⭐ GALAKSI VS MARIO ⭐

373 34 5
                                    

SETELAH mengalami beberapa pergolakan batin, akhirnya Bintang memutuskan menelpon Rosa. Bagaimanapun juga ia harus tahu perkembangan Belle Robe. Pukul tiga sore di El Jadida, itu artinya di Jakarta masih pukul sembilan malam, kemungkinan besar Rosa belum tidur. Karena di hari biasa, Belle Robe tutup pukul delapan malam.

Setelah terdengar beberapa kali nada sambung, akhirnya suara lembut seorang wanita menyapa pendengaran Bintang. Gadis itu menanyakan apa perkembangan dan apa saja yang terjadi di Belle Robe ketika dia pergi. Banyak kompalinkah? Rosa mengatakan tak ada masalah serius dengan Belle Robe, meski ada beberapa komplain tapi Rosa dan karyawan yang lain masih bisa mengatasi. Nyaris setiap hari Belle Robe ramai dikunjungi pelanggan. Baju untuk pagelaran hampir selesai dan desain edisi Ramadan juga sudah selesai, Rosa berjanji akan segera mengirim hasilnya ke email Bintang.

"Tapi ada masalah lain di luar Belle Robe, Mbak Bin?" suara Rosa terdengar bergetar di seberang sana.

"Masalah apa, Ros?" tanya Bintang setenang mungkin, walau dalam hati dia takut luar biasa.

"Bapak dan Ibu beberapa kali nanya ke saya di mana keberadaan Mbak Bin, tapi saya bisa ngeyakinin kalau saya sama sekali nggak tau Mbak ada di mana.

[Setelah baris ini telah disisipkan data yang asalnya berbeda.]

(* For the exact polytrope with index $n=5$, the function $$F(U,Q)=\big[U(4-7Q)-3(1-2Q)\big]\,U^{1/2}Q^{3/2}(1-U)^{-3/2}(1-Q)^{-5/2}$$ is constant along every solution in $(0,1)^2$ of the planar system $$\frac{dU}{d\lambda}=U(1-U)\big[(1-Q)(3-4U)-5Q(1-U)\big],\qquad \frac{dQ}{d\lambda}=Q(1-Q)\big[(2U-1)(1-Q)+Q(1-U)\big].$$ The fixed point $(1/3,1/3)$ corresponds to $F=-1/4$, the regular orbit corresponds to $F=0$, and the level sets $\{F=C\}$ with $-1/4<C<0$ are closed orbits around $(1/3,1/3)$.
   Context: This planar system is the restriction to $\{\Omega=0\}$ (the ''polytropic subset'') of the system for $(U,Q,\Omega)$ describing Newtonian static spherically symmetric perfect fluids, for index $n_0=5$; $U=u/(1+u)$, $Q=q/(1+q)$ with $u=4\pi r^3\rho/m$, $q=m/(r\eta)$, $\eta=\int_0^p dp'/\rho(p')$. The regular orbit is the one emanating from $(U,Q)=(3/4,0)$. *)

From Stdlib Require Import Reals Lra.
From Coquelicot Require Import Coquelicot.
Open Scope R_scope.

Definition VU (U Q : R) : R :=
  U * (1 - U) * ((1 - Q) * (3 - 4 * U) - 5 * Q * (1 - U)).
Definition VQ (U Q : R) : R :=
  Q * (1 - Q) * ((2 * U - 1) * (1 - Q) + Q * (1 - U)).

(* The first integral F; fractional powers via Rpower (bases are > 0 on (0,1)^2). *)
Definition Fint (U Q : R) : R :=
  (U * (4 - 7 * Q) - 3 * (1 - 2 * Q))
  * Rpower U (1/2) * Rpower Q (3/2)
  * Rpower (1 - U) (-3/2) * Rpower (1 - Q) (-5/2).

Definition in_box (U Q : R) : Prop := 0 < U < 1 /\ 0 < Q < 1.

Definition is_solution (a b : Rbar) (U Q : R -> R) : Prop :=
  forall l : R, Rbar_lt a l -> Rbar_lt l b ->
    in_box (U l) (Q l) /\
    is_derive U l (VU (U l) (Q l)) /\
    is_derive Q l (VQ (U l) (Q l)).

From Stdlib Require Import Reals Lra Psatz Ranalysis5 ClassicalEpsilon.
From Coquelicot Require Import Coquelicot.
Open Scope R_scope.

(* On the open square, F agrees with an algebraic expression in square roots whose derivative
   along the vector field vanishes; hence F is constant on solutions, and on the regular orbit it
   equals its limit F(3/4, 0) = 0.
   For the closed orbits, put u = U/(1-U), q = Q/(1-Q), w^4 = u q and p = w (1/2 - q). Then
   F = w^6 - 3w^2/4 + 3p^2 = 3 (Y(w)^2 + p^2) - 1/4 with Y increasing, so the level set F = C is
   the circle Y(w)^2 + p^2 = rho^2, rho^2 = (C + 1/4)/3, parametrised by an angle theta. Along it
   the vector field is a positive multiple of d/dtheta, and inverting the time
   lambda(theta) = int d(lambda)/d(theta) turns the parametrisation into a periodic solution.
   Finally, {F <= C} stays at distance C^2/4 from the boundary of the square, so a path from the
   centre that leaves the square meets {F = C} at the end of its first stay in {F < C}. *)

Definition Fsqrt (U Q : R) : R :=
  (U * (4 - 7 * Q) - 3 * (1 - 2 * Q)) * sqrt U * (Q * sqrt Q)
  / ((1 - U) * sqrt (1 - U) * ((1 - Q) * (1 - Q) * sqrt (1 - Q))).

Lemma Rpower_3_2 x : 0 < x -> Rpower x (3/2) = x * sqrt x.
Proof.
intros Hx. replace (3/2) with (1 + /2) by field.
now rewrite Rpower_plus, Rpower_1, Rpower_sqrt.
Qed.

Lemma Rpower_5_2 x : 0 < x -> Rpower x (5/2) = x * x * sqrt x.
Proof.
intros Hx. replace (5/2) with (INR 2 + /2) by (simpl; field).
rewrite Rpower_plus, Rpower_pow, Rpower_sqrt by assumption. simpl; ring.
Qed.

Lemma Fint_eq_Fsqrt U Q : in_box U Q -> Fint U Q = Fsqrt U Q.
Proof.
intros [[U0 U1] [Q0 Q1]]. unfold Fint, Fsqrt.
replace (-3/2) with (-(3/2)) by field. replace (-5/2) with (-(5/2)) by field.
replace (1/2) with (/2) by field.
rewrite !Rpower_Ropp, Rpower_sqrt, !Rpower_3_2, Rpower_5_2 by lra.
assert (0 < sqrt (1 - U)) by (apply sqrt_lt_R0; lra).
assert (0 < sqrt (1 - Q)) by (apply sqrt_lt_R0; lra).
field; repeat split; apply Rgt_not_eq; nra.
Qed.

Lemma inv_2_sqrt x : 0 < x -> / (2 * sqrt x) = sqrt x / (2 * x).
Proof.
intros Hx. assert (0 < sqrt x) by (apply sqrt_lt_R0; lra).
rewrite <- (sqrt_sqrt x) at 3 by lra. field. lra.
Qed.

Lemma is_derive_Fsqrt_along_flow (U Q : R -> R) l :
  in_box (U l) (Q l) ->
  is_derive U l (VU (U l) (Q l)) -> is_derive Q l (VQ (U l) (Q l)) ->
  is_derive (fun x => Fsqrt (U x) (Q x)) l 0.
Proof.
intros [[U0 U1] [Q0 Q1]] dU dQ.
assert (0 < sqrt (U l)) by (apply sqrt_lt_R0; lra).
assert (0 < sqrt (Q l)) by (apply sqrt_lt_R0; lra).
assert (0 < sqrt (1 + - U l)) by (apply sqrt_lt_R0; lra).
assert (0 < sqrt (1 + - Q l)) by (apply sqrt_lt_R0; lra).
unfold Fsqrt. auto_derive.
- repeat split; try (eexists; eassumption); try lra.
  apply Rgt_not_eq; repeat apply Rmult_lt_0_compat; lra.
- change (Derive (fun x => U x) l) with (Derive U l).
  change (Derive (fun x => Q x) l) with (Derive Q l).
  rewrite (is_derive_unique _ _ _ dU), (is_derive_unique _ _ _ dQ), !inv_2_sqrt by lra.
  unfold VU, VQ. field. repeat split; lra.
Qed.

Lemma is_derive_0_eq (f : R -> R) a b :
  (forall x, Rmin a b <= x <= Rmax a b -> is_derive f x 0) -> f a = f b.
Proof.
intros Hf.
destruct (MVT_gen f a b (fun _ => 0)) as [c [_ Hc]]; [| |lra].
- intros x Hx. apply Hf. lra.
- intros x Hx. apply continuity_pt_filterlim, (ex_derive_continuous (V:=R_NormedModule)).
  eexists. now apply Hf.
Qed.

Lemma Rbar_lt_between (a b : Rbar) (l1 l2 x : R) :
  Rbar_lt a l1 -> Rbar_lt l1 b -> Rbar_lt a l2 -> Rbar_lt l2 b ->
  Rmin l1 l2 <= x <= Rmax l1 l2 -> Rbar_lt a x /\ Rbar_lt x b.
Proof.
unfold Rmin, Rmax. intros h1 h2 h3 h4 hx.
destruct a, b; simpl in *; try tauto; destruct (Rle_dec l1 l2); split; auto; lra.
Qed.
Lemma gtr_mxE (f : 'I_3 -> 'I_3 -> R) :
  gtr lor (\matrix_(i, j) f i j) = \matrix_(i, j) (etad_nat i * f j i * etad_nat j).
Proof. by apply/matrixP => i j; rewrite /gtr mulmx_eta eta_mulmx !mxE. Qed.

Lemma up2E (M : 'M[R]_3) i j : up2 lor M i j = etad_nat i * M j i.
Proof.
rewrite /up2 !big_ord3 /mco !eta_mulmx !etaE /etad_nat.
by have [->|->|->] := ord3P i; have [->|->|->] := ord3P j; case: lor; rewrite /=; ring.
Qed.

Lemma gtrZ a (F : 'M[R]_3) : gtr lor (a *: F) = a *: gtr lor F.
Proof. by rewrite /gtr linearZ /= -scalemxAr -scalemxAl. Qed.

Lemma admZ a (v : 'cV[R]_3) : adm lor (a *: v) = a *: adm lor v.
Proof. by rewrite !admE scalemx_mxE; apply/eq_mx => i j; rewrite /veps !mxE; ring. Qed.

End Coordinates.

Ltac coords := rewrite ?admE ?outerE ?ipE;
  rewrite !(mulmx_mxE, addmx_mxE, oppmx_mxE, scalemx_mxE, gtr_mxE, mxtrace_mxE, scalar_mxE).
Ltac eval_coords := cbv beta iota zeta delta [eps_nat etad_nat veps succ3 o0 o1 o2 nat_of_ord eqn].

Section Ansatz.
Variable R : realFieldType.
Variable lor : bool.
Variables (v : 'cV[R]_3) (x y z lam : R).

Lemma gtr_adm : gtr lor (adm lor v) = - adm lor v.
Proof.
coords; apply/eq_mx => i j.
by have [->|->|->] := ord3P i; have [->|->|->] := ord3P j; eval_coords; case: lor; ring.
Qed.

Definition ansatz_mu : R := - (lam * x ^+ 2 + z ^+ 2) * ip lor v v.
Definition ansatz_nu : R := - (2 * x * z) * ip lor v v.

Let C := x *: adm lor v.
Let A := lam *: C.
Let B := y *: outer lor v v + z *: adm lor v.

Lemma four_eqs_ansatz : four_eqs lor lam ansatz_mu ansatz_nu A B C.
Proof.
rewrite /ansatz_mu /ansatz_nu /A /B /C; split; coords.
- by eval_coords; case: lor; field.
- by eval_coords; case: lor; ring.
- apply/eq_mx => i j.
  by have [->|->|->] := ord3P i; have [->|->|->] := ord3P j; eval_coords; case: lor; field.
- apply/eq_mx => i j.
  by have [->|->|->] := ord3P i; have [->|->|->] := ord3P j; eval_coords; case: lor; ring.
Qed.

End Ansatz.

Section ClassicalYangBaxter.
Variable R : realFieldType.
Variable lor : bool.
Variable lam : R.

(* Coefficient on [e_p] of the bracket in [g_lam] of [sum_i F i e_i] and [sum_k G k e_k]. *)
Definition lie_coef (p : gidx) (F G : gidx -> R) : R :=
  let m1 := succ3 p.2 in let m2 := succ3 m1 in
  etad_nat R lor p.2 *
    (if p.1 then F (false, m1) * G (true, m2) - F (false, m2) * G (true, m1)
                 + (F (true, m1) * G (false, m2) - F (true, m2) * G (false, m1))
     else F (false, m1) * G (false, m2) - F (false, m2) * G (false, m1)
          + lam * (F (true, m1) * G (true, m2) - F (true, m2) * G (true, m1))).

Habis itu nggak nanya lagi dan nitip Belle Robe ke saya sampai Mbak pulang. Tapi..." Rosa menjeda ucapannya, membuat Bintang penasaran setengah mati, namun ia berusaha setenang mungkin.

"Nyaris setiap hari Pak Romi datang ke Belle Robe, duduk berjam-jam di ruangan Mbak dan saya beberapa kali mergokin dia nangsi. Dia memohon terus sama saya buat ngasih tau keberadaan Mbak Bin."

Lutut gadis itu tiba-tiba melemas, andai ia tak berpegangan pada pagar pembatas balkon, mungkin tubuhnya sudah luruh ke lantai. Hal paling mengejutkan yang pernah didengarnya, Romi menangis. Apa yang sebenarnya membuat lelaki itu menangis? Apa mungkin ia menyesali perbuatannya?

Bintang memijat keningnya. Bagaimanapun juga kesalahan Romi tak bisa ditolerir. Lelaki itu sudah menghamili gadis lain. Bintang memang mencintai Romi, tapi sakitnya pengkhianatan lebih mendominasi.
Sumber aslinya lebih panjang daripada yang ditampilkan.